» WHAT TO DO: What follows are records. Restate all of them word for word.

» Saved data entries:
-=-=-
(* Let $r$ be a positive integer and suppose $1/(r+1)<\vartheta<1$. Let $(Z_t)$ be the random walk of the context with $c=1$, and let $\varrho\in(0,1)$ be the unique solution in $[0,1)$ of $\varrho=(1-\vartheta)+\vartheta\varrho^{r+1}$. Let $\varphi(z):=\mathbb{E}[z^{\tau(1)}\mathbf{1}\{\tau(1)<\infty\}]$ for $z\in[-1,1]$; it satisfies $\varphi(z)=z(1-\vartheta)+z\vartheta\varphi(z)^{r+1}$. Then for all $u\in\mathbb{N}$, $$\mathbb{E}[\tau(u)\mid\tau(u)<\infty]=u\,\frac{\varphi'(1)}{\varrho}=\frac{u\varrho}{(1-\vartheta)(r+1)-r\varrho},$$ where $\varphi'(1)$ is the derivative from below. In particular, for the single-agent trust model with prior parameters $\alpha,\beta\in\mathbb{N}$ and $c=1$, the expected quitting time conditional on quitting is $q(\alpha,\beta,1,r,\vartheta)=\mathbb{E}[\tau(u_{\rm crit})\mid\tau(u_{\rm crit})<\infty]$ with $u_{\rm crit}=r\alpha-\beta+1$.
   Context: Random walk: for $\vartheta\in(0,1)$ and positive integers $c,r$, let $Z_0=0$ and $Z_t=Z_{t-1}+\Delta_t$ with $\Delta_t$ i.i.d., $\Delta_t=+c$ with probability $1-\vartheta$ and $-r$ with probability $\vartheta$. Define $\tau(u):=\inf\{t\in\mathbb{N}_0: Z_t\ge u\}$. Single-agent trust model: $(X_t)$ i.i.d. Bernoulli$(\vartheta)$; $\hat S_t=\sum_{s\le t}X_s\mathbf{1}_{\{A_s=1\}}$, $\hat F_t=\sum_{s\le t}(1-X_s)\mathbf{1}_{\{A_s=1\}}$, $\hat\vartheta_t=\frac{\alpha+\hat S_t}{\alpha+\beta+\hat S_t+\hat F_t}$; $A_t=1$ iff $r\hat\vartheta_n-c(1-\hat\vartheta_n)\ge0$ for all $n\le t-1$; $\tau:=\inf\{t: r\hat\vartheta_t-c(1-\hat\vartheta_t)<0\}$ (the first $t$ with $c\hat F_t-r\hat S_t\ge r\alpha-c\beta+1$); $q(\alpha,\beta,c,r,\vartheta):=\mathbb{E}[\tau\mid\tau<\infty]$. *)

From HB Require Import structures.
From mathcomp Require Import all_boot all_order all_algebra.
From mathcomp Require Import all_classical all_reals all_analysis.
Set Implicit Arguments. Unset Strict Implicit. Unset Printing Implicit Defensive.
Import Order.TTheory GRing.Theory Num.Theory.
Local Open Scope ring_scope.

(* An outcome sequence s = [:: X_1; ...; X_t] of i.i.d. Bernoulli(theta)
   variables; [true] (probability theta) is a "success" X = 1 and
   [false] (probability 1 - theta) a "failure" X = 0. *)
Definition seqprob {R : realType} (theta : R) (s : seq bool) : R :=
  \prod_(b <- s) (if b then theta else 1 - theta).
-=-=-
» RESPONSE TO THIS TASK:
(* Let $r$ be a positive integer and suppose $1/(r+1)<\vartheta<1$. Let $(Z_t)$ be the random walk of the context with $c=1$, and let $\varrho\in(0,1)$ be the unique solution in $[0,1)$ of $\varrho=(1-\vartheta)+\vartheta\varrho^{r+1}$. Let $\varphi(z):=\mathbb{E}[z^{\tau(1)}\mathbf{1}\{\tau(1)<\infty\}]$ for $z\in[-1,1]$; it satisfies $\varphi(z)=z(1-\vartheta)+z\vartheta\varphi(z)^{r+1}$. Then for all $u\in\mathbb{N}$, $$\mathbb{E}[\tau(u)\mid\tau(u)<\infty]=u\,\frac{\varphi'(1)}{\varrho}=\frac{u\varrho}{(1-\vartheta)(r+1)-r\varrho},$$ where $\varphi'(1)$ is the derivative from below. In particular, for the single-agent trust model with prior parameters $\alpha,\beta\in\mathbb{N}$ and $c=1$, the expected quitting time conditional on quitting is $q(\alpha,\beta,1,r,\vartheta)=\mathbb{E}[\tau(u_{\rm crit})\mid\tau(u_{\rm crit})<\infty]$ with $u_{\rm crit}=r\alpha-\beta+1$.
   Context: Random walk: for $\vartheta\in(0,1)$ and positive integers $c,r$, let $Z_0=0$ and $Z_t=Z_{t-1}+\Delta_t$ with $\Delta_t$ i.i.d., $\Delta_t=+c$ with probability $1-\vartheta$ and $-r$ with probability $\vartheta$. Define $\tau(u):=\inf\{t\in\mathbb{N}_0: Z_t\ge u\}$. Single-agent trust model: $(X_t)$ i.i.d. Bernoulli$(\vartheta)$; $\hat S_t=\sum_{s\le t}X_s\mathbf{1}_{\{A_s=1\}}$, $\hat F_t=\sum_{s\le t}(1-X_s)\mathbf{1}_{\{A_s=1\}}$, $\hat\vartheta_t=\frac{\alpha+\hat S_t}{\alpha+\beta+\hat S_t+\hat F_t}$; $A_t=1$ iff $r\hat\vartheta_n-c(1-\hat\vartheta_n)\ge0$ for all $n\le t-1$; $\tau:=\inf\{t: r\hat\vartheta_t-c(1-\hat\vartheta_t)<0\}$ (the first $t$ with $c\hat F_t-r\hat S_t\ge r\alpha-c\beta+1$); $q(\alpha,\beta,c,r,\vartheta):=\mathbb{E}[\tau\mid\tau<\infty]$. *)

From HB Require Import structures.
From mathcomp Require Import all_boot all_order all_algebra.
From mathcomp Require Import all_classical all_reals all_analysis.
Set Implicit Arguments. Unset Strict Implicit. Unset Printing Implicit Defensive.
Import Order.TTheory GRing.Theory Num.Theory.
Local Open Scope ring_scope.

(* An outcome sequence s = [:: X_1; ...; X_t] of i.i.d. Bernoulli(theta)
   variables; [true] (probability theta) is a "success" X = 1 and
   [false] (probability 1 - theta) a "failure" X = 0. *)
Definition seqprob {R : realType} (theta : R) (s : seq bool) : R :=
  \prod_(b <- s) (if b then theta else 1 - theta).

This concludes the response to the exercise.